BEGIN Task inputs

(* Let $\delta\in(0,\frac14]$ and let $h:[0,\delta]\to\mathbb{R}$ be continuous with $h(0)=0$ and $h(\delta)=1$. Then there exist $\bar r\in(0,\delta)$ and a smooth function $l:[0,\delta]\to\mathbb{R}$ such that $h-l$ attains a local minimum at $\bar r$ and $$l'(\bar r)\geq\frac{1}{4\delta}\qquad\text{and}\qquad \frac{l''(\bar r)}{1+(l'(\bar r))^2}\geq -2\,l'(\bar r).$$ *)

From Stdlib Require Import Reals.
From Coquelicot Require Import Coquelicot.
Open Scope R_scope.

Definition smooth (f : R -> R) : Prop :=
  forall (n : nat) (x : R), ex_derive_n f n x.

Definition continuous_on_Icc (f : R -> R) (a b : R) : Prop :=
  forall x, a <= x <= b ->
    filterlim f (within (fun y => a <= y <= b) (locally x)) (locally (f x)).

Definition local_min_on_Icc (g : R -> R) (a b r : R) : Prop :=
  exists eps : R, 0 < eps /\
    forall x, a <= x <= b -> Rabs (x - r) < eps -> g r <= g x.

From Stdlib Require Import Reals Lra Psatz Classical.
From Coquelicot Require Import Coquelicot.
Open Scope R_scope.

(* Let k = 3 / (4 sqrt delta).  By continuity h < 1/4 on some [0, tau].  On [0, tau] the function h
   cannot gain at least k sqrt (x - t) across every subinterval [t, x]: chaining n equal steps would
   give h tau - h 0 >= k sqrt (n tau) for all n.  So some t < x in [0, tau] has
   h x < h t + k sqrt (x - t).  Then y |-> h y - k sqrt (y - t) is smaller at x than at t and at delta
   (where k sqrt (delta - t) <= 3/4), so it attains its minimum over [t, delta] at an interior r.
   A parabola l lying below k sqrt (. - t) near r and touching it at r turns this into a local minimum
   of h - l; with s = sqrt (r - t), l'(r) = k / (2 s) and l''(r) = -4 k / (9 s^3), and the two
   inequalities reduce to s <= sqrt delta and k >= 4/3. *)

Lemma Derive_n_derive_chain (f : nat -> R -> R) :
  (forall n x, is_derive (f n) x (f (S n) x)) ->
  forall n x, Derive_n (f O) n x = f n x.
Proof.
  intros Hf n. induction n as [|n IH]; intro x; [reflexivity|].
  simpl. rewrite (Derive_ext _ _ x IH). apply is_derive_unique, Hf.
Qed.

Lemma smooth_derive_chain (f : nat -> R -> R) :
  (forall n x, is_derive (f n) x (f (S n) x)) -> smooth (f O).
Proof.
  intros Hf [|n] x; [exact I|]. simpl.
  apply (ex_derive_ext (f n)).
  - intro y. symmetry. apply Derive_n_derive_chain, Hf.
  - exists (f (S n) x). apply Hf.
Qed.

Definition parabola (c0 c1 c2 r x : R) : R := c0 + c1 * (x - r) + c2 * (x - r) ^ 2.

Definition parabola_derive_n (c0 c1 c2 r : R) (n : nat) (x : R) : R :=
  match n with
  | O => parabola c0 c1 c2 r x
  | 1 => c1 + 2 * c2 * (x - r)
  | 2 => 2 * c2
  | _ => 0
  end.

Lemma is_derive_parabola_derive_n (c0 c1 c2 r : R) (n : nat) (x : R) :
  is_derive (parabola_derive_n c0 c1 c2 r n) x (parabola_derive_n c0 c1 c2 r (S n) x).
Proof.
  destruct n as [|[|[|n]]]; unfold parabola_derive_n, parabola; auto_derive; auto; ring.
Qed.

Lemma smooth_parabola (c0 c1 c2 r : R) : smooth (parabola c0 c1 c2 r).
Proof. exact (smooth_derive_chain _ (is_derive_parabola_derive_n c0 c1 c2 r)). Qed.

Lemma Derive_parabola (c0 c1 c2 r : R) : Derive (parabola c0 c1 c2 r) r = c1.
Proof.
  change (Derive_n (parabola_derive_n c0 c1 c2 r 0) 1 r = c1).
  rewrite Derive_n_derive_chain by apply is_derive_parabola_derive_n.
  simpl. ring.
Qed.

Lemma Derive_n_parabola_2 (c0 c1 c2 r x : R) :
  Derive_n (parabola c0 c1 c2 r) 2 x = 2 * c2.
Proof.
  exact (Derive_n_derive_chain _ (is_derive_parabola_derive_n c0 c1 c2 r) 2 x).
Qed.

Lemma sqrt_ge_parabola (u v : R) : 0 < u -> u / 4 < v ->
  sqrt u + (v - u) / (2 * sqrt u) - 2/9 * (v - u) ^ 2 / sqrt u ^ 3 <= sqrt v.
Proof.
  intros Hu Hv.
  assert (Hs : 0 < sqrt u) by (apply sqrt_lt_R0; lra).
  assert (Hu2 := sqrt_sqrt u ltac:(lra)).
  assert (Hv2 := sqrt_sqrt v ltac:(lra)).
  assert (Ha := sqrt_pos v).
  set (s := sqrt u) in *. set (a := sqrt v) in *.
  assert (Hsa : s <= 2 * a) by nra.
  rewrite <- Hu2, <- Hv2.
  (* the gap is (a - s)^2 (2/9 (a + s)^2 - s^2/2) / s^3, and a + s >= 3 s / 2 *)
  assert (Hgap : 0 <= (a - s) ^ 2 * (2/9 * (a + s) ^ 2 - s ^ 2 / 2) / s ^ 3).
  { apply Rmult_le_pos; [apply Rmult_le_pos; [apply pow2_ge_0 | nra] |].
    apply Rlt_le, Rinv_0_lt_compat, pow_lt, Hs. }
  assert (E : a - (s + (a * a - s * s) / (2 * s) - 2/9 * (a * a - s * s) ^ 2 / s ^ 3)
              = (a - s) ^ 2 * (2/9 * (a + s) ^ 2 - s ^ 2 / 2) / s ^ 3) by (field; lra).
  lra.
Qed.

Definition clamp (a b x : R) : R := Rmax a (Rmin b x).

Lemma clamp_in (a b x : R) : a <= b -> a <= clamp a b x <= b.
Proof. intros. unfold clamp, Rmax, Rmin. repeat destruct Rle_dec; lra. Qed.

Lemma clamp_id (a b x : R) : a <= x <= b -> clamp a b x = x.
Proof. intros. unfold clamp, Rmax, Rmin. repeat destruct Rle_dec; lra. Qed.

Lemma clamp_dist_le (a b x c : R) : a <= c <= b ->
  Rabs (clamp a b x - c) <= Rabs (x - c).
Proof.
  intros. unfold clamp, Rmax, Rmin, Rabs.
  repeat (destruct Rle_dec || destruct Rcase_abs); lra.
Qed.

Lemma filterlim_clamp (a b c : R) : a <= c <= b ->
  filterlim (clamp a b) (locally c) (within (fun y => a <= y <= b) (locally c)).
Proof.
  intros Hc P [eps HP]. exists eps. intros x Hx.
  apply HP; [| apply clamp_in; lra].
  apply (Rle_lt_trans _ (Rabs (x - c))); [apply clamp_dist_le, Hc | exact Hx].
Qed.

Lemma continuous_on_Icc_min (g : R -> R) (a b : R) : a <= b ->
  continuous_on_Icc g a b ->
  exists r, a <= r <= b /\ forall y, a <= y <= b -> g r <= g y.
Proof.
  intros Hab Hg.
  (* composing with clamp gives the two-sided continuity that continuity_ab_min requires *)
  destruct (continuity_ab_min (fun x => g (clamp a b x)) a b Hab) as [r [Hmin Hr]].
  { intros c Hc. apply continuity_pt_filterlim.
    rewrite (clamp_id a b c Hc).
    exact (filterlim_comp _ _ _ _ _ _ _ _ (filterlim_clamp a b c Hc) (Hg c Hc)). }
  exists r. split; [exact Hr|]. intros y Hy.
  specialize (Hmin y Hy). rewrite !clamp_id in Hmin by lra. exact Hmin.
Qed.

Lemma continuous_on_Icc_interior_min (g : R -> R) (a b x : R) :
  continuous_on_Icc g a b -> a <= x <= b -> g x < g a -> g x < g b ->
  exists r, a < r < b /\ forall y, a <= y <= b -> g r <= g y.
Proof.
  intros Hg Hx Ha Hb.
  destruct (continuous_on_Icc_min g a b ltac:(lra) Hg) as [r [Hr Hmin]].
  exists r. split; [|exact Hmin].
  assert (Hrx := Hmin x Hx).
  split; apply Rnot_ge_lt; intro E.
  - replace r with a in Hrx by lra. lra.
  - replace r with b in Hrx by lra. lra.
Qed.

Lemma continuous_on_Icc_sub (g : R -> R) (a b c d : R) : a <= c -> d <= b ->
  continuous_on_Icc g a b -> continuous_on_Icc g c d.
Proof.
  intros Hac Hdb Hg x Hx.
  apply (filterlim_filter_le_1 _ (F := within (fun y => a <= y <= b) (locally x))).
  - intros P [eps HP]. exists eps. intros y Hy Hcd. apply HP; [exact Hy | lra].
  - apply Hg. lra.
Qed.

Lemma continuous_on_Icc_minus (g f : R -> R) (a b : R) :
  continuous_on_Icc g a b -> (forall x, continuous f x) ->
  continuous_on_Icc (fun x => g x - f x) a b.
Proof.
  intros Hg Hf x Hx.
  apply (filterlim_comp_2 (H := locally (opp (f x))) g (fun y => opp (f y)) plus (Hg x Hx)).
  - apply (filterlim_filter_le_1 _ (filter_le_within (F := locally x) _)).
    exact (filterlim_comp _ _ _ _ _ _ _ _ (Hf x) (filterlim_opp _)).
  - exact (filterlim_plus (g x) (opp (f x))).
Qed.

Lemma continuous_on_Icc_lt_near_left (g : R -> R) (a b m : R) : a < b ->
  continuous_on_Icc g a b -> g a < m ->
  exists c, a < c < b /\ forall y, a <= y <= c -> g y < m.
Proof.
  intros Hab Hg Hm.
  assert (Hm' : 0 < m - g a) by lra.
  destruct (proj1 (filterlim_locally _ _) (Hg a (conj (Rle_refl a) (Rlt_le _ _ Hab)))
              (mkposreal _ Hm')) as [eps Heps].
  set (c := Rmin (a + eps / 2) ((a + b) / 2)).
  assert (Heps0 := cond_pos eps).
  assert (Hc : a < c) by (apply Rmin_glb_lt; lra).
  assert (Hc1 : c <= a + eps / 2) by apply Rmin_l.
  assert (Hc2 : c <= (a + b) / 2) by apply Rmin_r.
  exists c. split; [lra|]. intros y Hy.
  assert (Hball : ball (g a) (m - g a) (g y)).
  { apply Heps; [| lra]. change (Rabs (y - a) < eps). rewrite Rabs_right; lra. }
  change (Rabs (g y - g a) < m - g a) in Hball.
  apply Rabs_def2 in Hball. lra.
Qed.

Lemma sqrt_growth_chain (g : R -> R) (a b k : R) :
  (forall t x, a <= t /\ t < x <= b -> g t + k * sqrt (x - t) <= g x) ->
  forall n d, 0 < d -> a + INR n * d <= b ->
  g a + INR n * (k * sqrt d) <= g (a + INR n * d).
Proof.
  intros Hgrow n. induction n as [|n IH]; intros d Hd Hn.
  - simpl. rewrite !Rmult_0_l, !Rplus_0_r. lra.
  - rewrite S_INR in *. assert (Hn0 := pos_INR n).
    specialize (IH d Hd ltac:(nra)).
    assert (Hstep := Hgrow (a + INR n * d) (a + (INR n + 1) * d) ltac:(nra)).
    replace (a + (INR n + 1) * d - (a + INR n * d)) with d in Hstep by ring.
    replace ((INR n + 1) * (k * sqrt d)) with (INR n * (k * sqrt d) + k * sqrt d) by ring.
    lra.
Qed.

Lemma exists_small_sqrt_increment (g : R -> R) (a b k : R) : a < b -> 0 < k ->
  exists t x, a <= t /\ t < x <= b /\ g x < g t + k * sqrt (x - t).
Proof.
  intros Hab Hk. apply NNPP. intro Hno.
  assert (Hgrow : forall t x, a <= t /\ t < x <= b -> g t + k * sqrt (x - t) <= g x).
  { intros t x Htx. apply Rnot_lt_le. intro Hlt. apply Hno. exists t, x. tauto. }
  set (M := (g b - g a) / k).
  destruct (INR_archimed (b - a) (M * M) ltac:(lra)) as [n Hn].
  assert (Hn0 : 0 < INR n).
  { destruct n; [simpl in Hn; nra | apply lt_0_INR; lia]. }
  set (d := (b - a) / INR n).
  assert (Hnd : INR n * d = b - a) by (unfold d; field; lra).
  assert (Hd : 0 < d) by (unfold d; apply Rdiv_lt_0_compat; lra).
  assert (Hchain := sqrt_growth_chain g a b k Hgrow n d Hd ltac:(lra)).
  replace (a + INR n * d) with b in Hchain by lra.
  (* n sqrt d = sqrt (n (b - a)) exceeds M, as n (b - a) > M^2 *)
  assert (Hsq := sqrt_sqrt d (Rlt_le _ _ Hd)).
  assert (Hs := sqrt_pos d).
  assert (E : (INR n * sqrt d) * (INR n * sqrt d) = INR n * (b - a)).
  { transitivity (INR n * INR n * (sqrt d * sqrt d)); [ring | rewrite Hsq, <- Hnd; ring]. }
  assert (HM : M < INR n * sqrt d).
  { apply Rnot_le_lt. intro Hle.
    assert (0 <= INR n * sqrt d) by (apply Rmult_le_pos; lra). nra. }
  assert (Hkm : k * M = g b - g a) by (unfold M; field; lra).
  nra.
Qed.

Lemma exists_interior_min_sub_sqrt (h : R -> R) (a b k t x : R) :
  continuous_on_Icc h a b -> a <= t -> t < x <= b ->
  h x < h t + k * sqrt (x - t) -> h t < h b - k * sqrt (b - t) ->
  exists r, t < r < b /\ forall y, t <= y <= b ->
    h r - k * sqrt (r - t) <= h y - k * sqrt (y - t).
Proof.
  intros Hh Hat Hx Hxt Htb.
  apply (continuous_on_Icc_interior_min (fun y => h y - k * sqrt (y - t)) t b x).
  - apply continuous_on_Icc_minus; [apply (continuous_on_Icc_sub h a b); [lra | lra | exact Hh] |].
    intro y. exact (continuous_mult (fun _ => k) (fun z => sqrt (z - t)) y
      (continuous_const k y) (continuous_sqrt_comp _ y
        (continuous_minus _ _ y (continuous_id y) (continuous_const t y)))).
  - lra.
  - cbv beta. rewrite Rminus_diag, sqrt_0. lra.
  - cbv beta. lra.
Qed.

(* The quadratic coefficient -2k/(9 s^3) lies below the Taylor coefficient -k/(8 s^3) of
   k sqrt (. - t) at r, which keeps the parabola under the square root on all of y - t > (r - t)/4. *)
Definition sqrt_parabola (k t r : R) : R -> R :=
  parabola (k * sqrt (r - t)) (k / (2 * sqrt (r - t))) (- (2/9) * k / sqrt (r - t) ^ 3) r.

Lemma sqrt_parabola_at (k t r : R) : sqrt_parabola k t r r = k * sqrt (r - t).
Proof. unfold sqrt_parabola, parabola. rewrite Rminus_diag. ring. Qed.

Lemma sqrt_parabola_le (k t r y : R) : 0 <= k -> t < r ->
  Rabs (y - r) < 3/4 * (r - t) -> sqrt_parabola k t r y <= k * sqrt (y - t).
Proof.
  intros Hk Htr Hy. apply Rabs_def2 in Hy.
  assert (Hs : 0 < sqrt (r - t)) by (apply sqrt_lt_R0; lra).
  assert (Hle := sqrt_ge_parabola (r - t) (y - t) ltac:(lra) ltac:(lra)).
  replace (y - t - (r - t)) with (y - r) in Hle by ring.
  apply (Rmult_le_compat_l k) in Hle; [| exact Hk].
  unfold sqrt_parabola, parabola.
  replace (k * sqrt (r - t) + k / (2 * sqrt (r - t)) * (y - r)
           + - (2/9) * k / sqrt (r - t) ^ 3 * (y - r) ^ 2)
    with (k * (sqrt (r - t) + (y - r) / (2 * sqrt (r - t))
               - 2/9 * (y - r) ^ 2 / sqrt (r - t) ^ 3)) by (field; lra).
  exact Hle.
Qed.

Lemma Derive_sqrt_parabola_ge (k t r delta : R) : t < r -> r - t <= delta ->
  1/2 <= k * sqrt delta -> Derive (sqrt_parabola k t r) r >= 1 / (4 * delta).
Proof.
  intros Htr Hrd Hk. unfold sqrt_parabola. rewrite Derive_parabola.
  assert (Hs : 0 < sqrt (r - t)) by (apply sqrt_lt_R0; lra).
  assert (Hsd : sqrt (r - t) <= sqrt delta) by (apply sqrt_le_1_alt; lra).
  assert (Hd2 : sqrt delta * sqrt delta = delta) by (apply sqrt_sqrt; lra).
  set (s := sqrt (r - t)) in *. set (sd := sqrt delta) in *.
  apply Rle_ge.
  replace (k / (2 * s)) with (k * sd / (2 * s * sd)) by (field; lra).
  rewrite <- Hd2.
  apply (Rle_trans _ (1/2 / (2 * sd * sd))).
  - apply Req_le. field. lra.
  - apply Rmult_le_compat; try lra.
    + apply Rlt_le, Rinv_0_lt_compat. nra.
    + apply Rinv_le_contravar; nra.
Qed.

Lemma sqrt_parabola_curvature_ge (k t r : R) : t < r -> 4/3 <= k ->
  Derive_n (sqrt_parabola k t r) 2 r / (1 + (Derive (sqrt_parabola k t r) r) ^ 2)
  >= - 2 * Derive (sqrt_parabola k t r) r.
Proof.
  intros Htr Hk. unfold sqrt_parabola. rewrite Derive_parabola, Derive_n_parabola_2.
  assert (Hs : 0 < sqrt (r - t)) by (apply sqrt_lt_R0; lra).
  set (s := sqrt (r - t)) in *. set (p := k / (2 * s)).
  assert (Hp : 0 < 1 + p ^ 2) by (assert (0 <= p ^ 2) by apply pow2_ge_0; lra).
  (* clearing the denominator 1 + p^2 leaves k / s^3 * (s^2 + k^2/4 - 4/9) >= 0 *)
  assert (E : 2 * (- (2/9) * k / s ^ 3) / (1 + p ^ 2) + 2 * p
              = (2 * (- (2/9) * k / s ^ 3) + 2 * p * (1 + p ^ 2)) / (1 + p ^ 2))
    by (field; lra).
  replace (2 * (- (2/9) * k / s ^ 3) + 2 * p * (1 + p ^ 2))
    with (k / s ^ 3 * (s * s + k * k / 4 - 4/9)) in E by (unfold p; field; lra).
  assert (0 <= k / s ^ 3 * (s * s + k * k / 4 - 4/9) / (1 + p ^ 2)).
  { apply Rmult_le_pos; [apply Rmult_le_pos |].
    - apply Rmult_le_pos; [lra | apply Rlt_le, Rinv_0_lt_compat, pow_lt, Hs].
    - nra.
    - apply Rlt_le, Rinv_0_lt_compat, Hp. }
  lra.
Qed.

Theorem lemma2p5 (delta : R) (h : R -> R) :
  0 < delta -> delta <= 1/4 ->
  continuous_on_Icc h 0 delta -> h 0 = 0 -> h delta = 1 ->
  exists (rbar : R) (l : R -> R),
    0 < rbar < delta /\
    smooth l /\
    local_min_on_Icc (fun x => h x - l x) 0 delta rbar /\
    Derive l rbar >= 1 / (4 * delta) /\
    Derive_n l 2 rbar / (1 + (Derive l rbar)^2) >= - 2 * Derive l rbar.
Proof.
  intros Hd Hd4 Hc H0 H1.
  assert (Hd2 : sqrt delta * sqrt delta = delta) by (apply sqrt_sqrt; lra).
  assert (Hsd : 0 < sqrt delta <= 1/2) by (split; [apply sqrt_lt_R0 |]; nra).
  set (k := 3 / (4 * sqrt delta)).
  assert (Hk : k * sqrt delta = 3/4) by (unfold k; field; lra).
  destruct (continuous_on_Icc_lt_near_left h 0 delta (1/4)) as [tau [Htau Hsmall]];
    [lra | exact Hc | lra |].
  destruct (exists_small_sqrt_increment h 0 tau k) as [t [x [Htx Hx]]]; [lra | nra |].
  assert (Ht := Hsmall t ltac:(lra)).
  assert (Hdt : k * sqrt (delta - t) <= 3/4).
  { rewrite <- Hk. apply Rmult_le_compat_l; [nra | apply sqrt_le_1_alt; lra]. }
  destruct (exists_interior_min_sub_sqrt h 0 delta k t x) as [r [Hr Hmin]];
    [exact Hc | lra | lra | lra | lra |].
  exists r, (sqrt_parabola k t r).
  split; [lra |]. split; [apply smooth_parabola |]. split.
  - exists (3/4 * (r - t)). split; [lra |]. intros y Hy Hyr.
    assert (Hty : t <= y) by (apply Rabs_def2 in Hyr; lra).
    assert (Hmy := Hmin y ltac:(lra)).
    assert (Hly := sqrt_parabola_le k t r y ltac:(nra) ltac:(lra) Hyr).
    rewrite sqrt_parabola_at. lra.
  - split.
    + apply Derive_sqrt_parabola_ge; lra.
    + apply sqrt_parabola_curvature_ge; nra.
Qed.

END Task inputs

• **Task objective**
All that is wanted is an exact copy of the lines above from the one with "assert (0 <= INR" through the one with "Lemma sqrt_parabola_le (k", with both ends included.

• **Your solution**
    assert (0 <= INR n * sqrt d) by (apply Rmult_le_pos; lra). nra. }
  assert (Hkm : k * M = g b - g a) by (unfold M; field; lra).
  nra.
Qed.

Lemma exists_interior_min_sub_sqrt (h : R -> R) (a b k t x : R) :
  continuous_on_Icc h a b -> a <= t -> t < x <= b ->
  h x < h t + k * sqrt (x - t) -> h t < h b - k * sqrt (b - t) ->
  exists r, t < r < b /\ forall y, t <= y <= b ->
    h r - k * sqrt (r - t) <= h y - k * sqrt (y - t).
Proof.
  intros Hh Hat Hx Hxt Htb.
  apply (continuous_on_Icc_interior_min (fun y => h y - k * sqrt (y - t)) t b x).
  - apply continuous_on_Icc_minus; [apply (continuous_on_Icc_sub h a b); [lra | lra | exact Hh] |].
    intro y. exact (continuous_mult (fun _ => k) (fun z => sqrt (z - t)) y
      (continuous_const k y) (continuous_sqrt_comp _ y
        (continuous_minus _ _ y (continuous_id y) (continuous_const t y)))).
  - lra.
  - cbv beta. rewrite Rminus_diag, sqrt_0. lra.
  - cbv beta. lra.
Qed.

(* The quadratic coefficient -2k/(9 s^3) lies below the Taylor coefficient -k/(8 s^3) of
   k sqrt (. - t) at r, which keeps the parabola under the square root on all of y - t > (r - t)/4. *)
Definition sqrt_parabola (k t r : R) : R -> R :=
  parabola (k * sqrt (r - t)) (k / (2 * sqrt (r - t))) (- (2/9) * k / sqrt (r - t) ^ 3) r.

Lemma sqrt_parabola_at (k t r : R) : sqrt_parabola k t r r = k * sqrt (r - t).
Proof. unfold sqrt_parabola, parabola. rewrite Rminus_diag. ring. Qed.

Lemma sqrt_parabola_le (k t r y : R) : 0 <= k -> t < r ->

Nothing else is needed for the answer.